(* Let $N\ge3$ and $1\le k\le N-1$ be integers with $\gcd(N,k)=1$, and let $p$ be an odd prime with $p\equiv\pm1$ or $0\pmod N$. Let $\tau$ lie in the upper half-plane, $q=e^{2\pi i\tau}$, and $q_j=e^{2\pi i(\tau+j)/p}$ for $j=0,\dots,p-1$. Then \[\left(1+\chi_{-N}(p)p^2\right)J_{N\tau}(q^k)=\sum_{j=0}^{p-1}p\,J_{\frac{N(\tau+j)}{p}}(q_j^k)+\chi_{-N}(p)\,J_{Np\tau}(q^{pk}).\]
   Context: Let $J(z)=\log|z|\log|1-z|$ and $B_3(x)=x^3-\frac32x^2+\frac12x$. For $\sigma$ in the upper half-plane, with $Q=e^{2\pi i\sigma}$, and $z\in\mathbb{C}^*$ not in $Q^{\mathbb{Z}}$, define \[J_\sigma(z)=\sum_{n=0}^\infty J(zQ^n)-\sum_{n=1}^\infty J(z^{-1}Q^n)+\frac13\log^2|Q|\,B_3\!\left(\frac{\log|z|}{\log|Q|}\right).\] Here $\chi_{-N}(p)$ equals $1$ if $p\equiv1\pmod N$, $-1$ if $p\equiv-1\pmod N$, and $0$ if $p\equiv0\pmod N$. *)

From Stdlib Require Import Reals ZArith Znumtheory Arith.
From Coquelicot Require Export Coquelicot.
Open Scope R_scope.

Definition cexp (w : C) : C :=
  (exp (fst w) * cos (snd w), exp (fst w) * sin (snd w)).

Fixpoint cpow (z : C) (n : nat) : C :=
  match n with O => RtoC 1 | S m => Cmult z (cpow z m) end.

Definition Jfun (z : C) : R := ln (Cmod z) * ln (Cmod (Cminus (RtoC 1) z)).

Definition B3 (x : R) : R := x ^ 3 - 3 / 2 * x ^ 2 + 1 / 2 * x.

Definition Qof (sigma : C) : C := cexp (Cmult (RtoC (2 * PI)) (Cmult Ci sigma)).

Definition Jsigma (sigma z : C) : R :=
  let Q := Qof sigma in
  Series (fun n => Jfun (Cmult z (cpow Q n)))
  - Series (fun n => Jfun (Cmult (Cinv z) (cpow Q (S n))))
  + 1 / 3 * (ln (Cmod Q)) ^ 2 * B3 (ln (Cmod z) / ln (Cmod Q)).

Definition chiN (N p : nat) : R :=
  if Nat.eqb (Nat.modulo p N) 1 then 1
  else if Nat.eqb (Nat.modulo p N) (N - 1) then -1
  else 0.

(* Write [g_x(m) = J(x^m)].  When [Q = x^N] with [0 < |x| < 1], the two series defining
   [J_sigma(x^k)] are the sums of [g_x(m)] over [m ≡ k] and over [m ≡ -k (mod N)], and the
   [B_3] term only involves [log |x|].  Put [w = e^{2 pi i tau/p}] and [zeta = e^{2 pi i/p}],
   so that [q = w^p] and [q_j = w zeta^j].  Because [prod_j (1 - y zeta^{jm}) = 1 - y^p] when
   [p] does not divide [m], the distribution relation
     [p sum_j g_{q_j}(m) = g_q(m)] if [p ∤ m],   [= p^2 g_q(m/p)] if [p | m]
   holds.  Splitting each residue series along [p | m] and substituting [m = p m'] leaves
   series over the [m'] with [p m' ≡ ±k (mod N)]; these are the original residue series
   twisted by [chi_{-N}(p)], and they vanish when [N | p]. *)

From Stdlib Require Import Reals ZArith Znumtheory Arith Lia Lra.
From Coquelicot Require Import Coquelicot.
From HB Require Import structures.
From mathcomp Require ssreflect ssrfun ssrbool eqtype ssrnat seq choice fintype bigop ssralg poly Rstruct.
Open Scope R_scope.

Lemma cexp_add (a b : C) : cexp (a + b) = (cexp a * cexp b)%C.
Proof.
  destruct a as [a1 a2], b as [b1 b2]. unfold cexp. simpl.
  rewrite exp_plus, cos_plus, sin_plus.
  apply injective_projections; simpl; ring.
Qed.

Lemma cexp_0 : cexp 0 = 1.
Proof.
  unfold cexp. simpl. rewrite exp_0, cos_0, sin_0.
  apply injective_projections; simpl; ring.
Qed.

Lemma Cmod_cexp (a : C) : Cmod (cexp a) = exp (Re a).
Proof.
  unfold cexp, Cmod, Re. cbn [fst snd].
  replace ((exp (fst a) * cos (snd a)) ^ 2 + (exp (fst a) * sin (snd a)) ^ 2)
    with (exp (fst a) ^ 2)
    by (pose proof (sin2_cos2 (snd a)) as Hsc; unfold Rsqr in Hsc; nra).
  apply sqrt_pow2. left. apply exp_pos.
Qed.

Lemma Qof_add (a b : C) : Qof (a + b) = (Qof a * Qof b)%C.
Proof. unfold Qof. rewrite <- cexp_add. f_equal. ring. Qed.

Lemma Qof_nat (n : nat) (s : C) : Qof (INR n * s) = (Qof s ^ n)%C.
Proof.
  induction n as [|n IH].
  - simpl. unfold Qof. rewrite <- cexp_0. f_equal. ring.
  - rewrite Cpow_S, <- IH, <- Qof_add, S_INR, RtoC_plus. f_equal. ring.
Qed.

Lemma Cmod_Qof (s : C) : Cmod (Qof s) = exp (- (2 * PI * Im s)).
Proof. unfold Qof. rewrite Cmod_cexp. f_equal. unfold Re, Im. simpl. ring. Qed.

Lemma Cmod_Qof_bounds (s : C) : 0 < Im s -> 0 < Cmod (Qof s) < 1.
Proof.
  intros Hs. rewrite Cmod_Qof. split; [apply exp_pos|].
  rewrite <- exp_0. apply exp_increasing. pose proof PI_RGT_0. nra.
Qed.

Lemma Cmod_pow_bounds (x : C) n : 0 < Cmod x < 1 -> (0 < n)%nat -> 0 < Cmod (x ^ n)%C < 1.
Proof.
  intros Hx Hn. rewrite Cmod_pow.
  split; [apply pow_lt; lra|apply pow_lt_1_compat; [lra|lia]].
Qed.

Definition zeta (n : nat) : C := Qof (/ INR n).
Lemma div_expn_tangent_le (x y m w : R) p : 0 < x -> 0 <= y -> 0 <= m -> 0 <= w ->
  w / (x + m) ^+ p + p%:R * (w / (x + m) ^+ p.+1) * m <=
  w / (x + y) ^+ p + p%:R * (w / (x + m) ^+ p.+1) * y.
Proof.
move=> x0 y0 m0 w0.
have a0 : 0 < x + m by rewrite ltr_wpDr.
have b0 : 0 < x + y by rewrite ltr_wpDr.
rewrite -subr_ge0.
have -> : w / (x + y) ^+ p + p%:R * (w / (x + m) ^+ p.+1) * y -
          (w / (x + m) ^+ p + p%:R * (w / (x + m) ^+ p.+1) * m) =
    w / ((x + m) ^+ p.+1 * (x + y) ^+ p) *
    ((x + m) ^+ p.+1 + p%:R * (x + y) ^+ p.+1 - p.+1%:R * (x + m) * (x + y) ^+ p).
  move: (lt0r_neq0 a0) (lt0r_neq0 b0) (expf_neq0 p (lt0r_neq0 a0)) (expf_neq0 p (lt0r_neq0 b0)).
  rewrite !exprS -natr1; move: ((x + m) ^+ p) ((x + y) ^+ p) => A B.
  by move=> an0 bn0 An0 Bn0; field; rewrite ?an0 ?bn0 ?An0 ?Bn0.
apply: mulr_ge0; last by rewrite subr_ge0 young_expn ?ltW.
by apply: divr_ge0 => //; apply: mulr_ge0; apply: exprn_ge0; exact: ltW.
Qed.

Lemma half_expn_le_div_shift (x m : R) p : 0 < x -> 0 <= m <= x ->
  2^-p * x ^+ p <= x ^+ (2 * p) / (x + m) ^+ p.
Proof.
move=> x0 /andP[m0 mx].
have shift_le : (x + m) ^+ p <= (2 * x) ^+ p.
  apply: lerXn2r; rewrite ?nnegrE ?mulr_natl ?mulr2n ?lerD2l //.
  - by rewrite addr_ge0 // ltW.
  - by rewrite addr_ge0 // ltW.
rewrite ler_pdivlMr ?exprn_gt0 ?ltr_wpDr //.
apply: le_trans (ler_wpM2l _ shift_le) _; first by rewrite mulr_ge0 ?invr_ge0 ?exprn_ge0 ?ltW.
by rewrite exprMn mulrACA mulVf ?expf_neq0 // mul1r -exprD addnn -mul2n.
Qed.

Lemma div_expn_le (x y K : R) k j : 0 <= x <= K -> 1 <= y -> x ^+ k / y ^+ j <= K ^+ k.
Proof.
move=> /andP[x0 xK] y1; rewrite ler_pdivrMr ?exprn_gt0 ?(lt_le_trans ltr01) //.
apply: (@le_trans _ _ (K ^+ k)); first by apply: lerXn2r; rewrite ?nnegrE ?(le_trans x0).
by rewrite ler_peMr ?exprn_ge0 ?exprn_ege1 ?(le_trans x0).
Qed.

Lemma expr_div_mean_le (k s x q : R) p : 0 < k -> 0 < s -> 0 <= x -> x ^+ 2 <= q ->
  x ^+ (2 * p) / (k^-1 * s) ^+ p <= k ^+ p * (q / s) ^+ p.
Proof.
move=> k0 s0 x0 xq; rewrite exprMn exprVn invfM invrK mulrCA expr_div_n.
apply: ler_wpM2l; first by rewrite exprn_ge0 ?ltW.
apply: ler_wpM2r; first by rewrite invr_ge0 exprn_ge0 ?ltW.
by rewrite exprM; apply: lerXn2r; rewrite ?nnegrE ?sqr_ge0 // (le_trans _ xq) ?sqr_ge0.
Qed.
End power_inequalities.

Lemma indic_itvcc (R : realType) (a b x : R) :
  \1_[set y | a <= y] x * \1_[set y | y <= b] x = \1_[set` `[a, b]] x :> R.
Proof.
rewrite -[LHS]/((\1_[set y | a <= y] \* \1_[set y | y <= b]) x) -indicI.
by congr (\1_ _ _); apply/seteqP; split=> y /=; rewrite in_itv /= => /andP.
Qed.

Definition trunc_weight {R : realType} (a K : R) (p : nat) (x : R) : R :=
  x ^+ (2 * p) * \1_[set` `[a, K]] x.

Lemma trunc_weight_ge0 (R : realType) (a K : R) p x : 0 <= trunc_weight a K p x.
Proof. by rewrite mulr_ge0 // exprM exprn_ge0 ?sqr_ge0. Qed.

Lemma trunc_weight_le (R : realType) (a K : R) p x : trunc_weight a K p x <= x ^+ (2 * p).
Proof.
by rewrite ler_piMr ?indicE ?lern1 ?leq_b1 // exprM exprn_ge0 ?sqr_ge0.
Qed.

Lemma measurable_inv (R : realType) : measurable_fun [set: R] (@GRing.inv R).
Proof.
rewrite (_ : [set: R] = [set 0] `|` [set x | x != 0]); last first.
  by apply/seteqP; split => x //= _; case: (eqVneq x 0) => [->|x0]; [left|right].
apply/measurable_funU; [exact: measurable_set1| apply: open_measurable; exact: open_neq|].
split; first exact: measurable_fun_set1.
apply: open_continuous_measurable_fun; first exact: open_neq.
by move=> x; rewrite inE => x0; exact: inv_continuous.
Qed.

Ltac measurable_real :=
  repeat match goal with
  | |- measurable_fun _ _ => solve [done | auto]
  | |- measurable_fun _ (fun _ => _ + _) => apply: measurable_funD
  | |- measurable_fun _ (fun _ => _ * _) => apply: measurable_funM
  | |- measurable_fun _ (fun _ => _ ^+ _) => apply: measurable_funX
  | |- measurable_fun _ (fun _ => _^-1) => apply: (measurableT_comp (@measurable_inv _))
  | |- measurable_fun _ (fun _ => \sum_(_ <- _ | _) _) => apply: measurable_sum => ?
  | |- measurable_fun _ (fun _ => _) =>
      first [exact: measurable_cst | exact: measurable_id | apply: measurableT_comp]
  end.

Lemma measurable_trunc_weight (R : realType) (a K : R) p :
  measurable_fun setT (trunc_weight a K p).
Proof.
rewrite /trunc_weight; apply: measurable_funM; first by measurable_real.
by apply: measurable_indic; exact: measurable_itv.
Qed.

Section ge0_integral_real.
Context d (T : measurableType d) (R : realType) (P : probability T R).
Local Open Scope ereal_scope.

_WHAT NEEDS TO BE DONE:_ From the data above, return every line from the line that has "when [N | p]. *)" up to and including the line that has "Lemma cexp_add (a", exactly.

_ANSWER BELOW:_
   twisted by [chi_{-N}(p)], and they vanish when [N | p]. *)

From Stdlib Require Import Reals ZArith Znumtheory Arith Lia Lra.
From Coquelicot Require Import Coquelicot.
From HB Require Import structures.
From mathcomp Require ssreflect ssrfun ssrbool eqtype ssrnat seq choice fintype bigop ssralg poly Rstruct.
Open Scope R_scope.

Lemma cexp_add (a b : C) : cexp (a + b) = (cexp a * cexp b)%C.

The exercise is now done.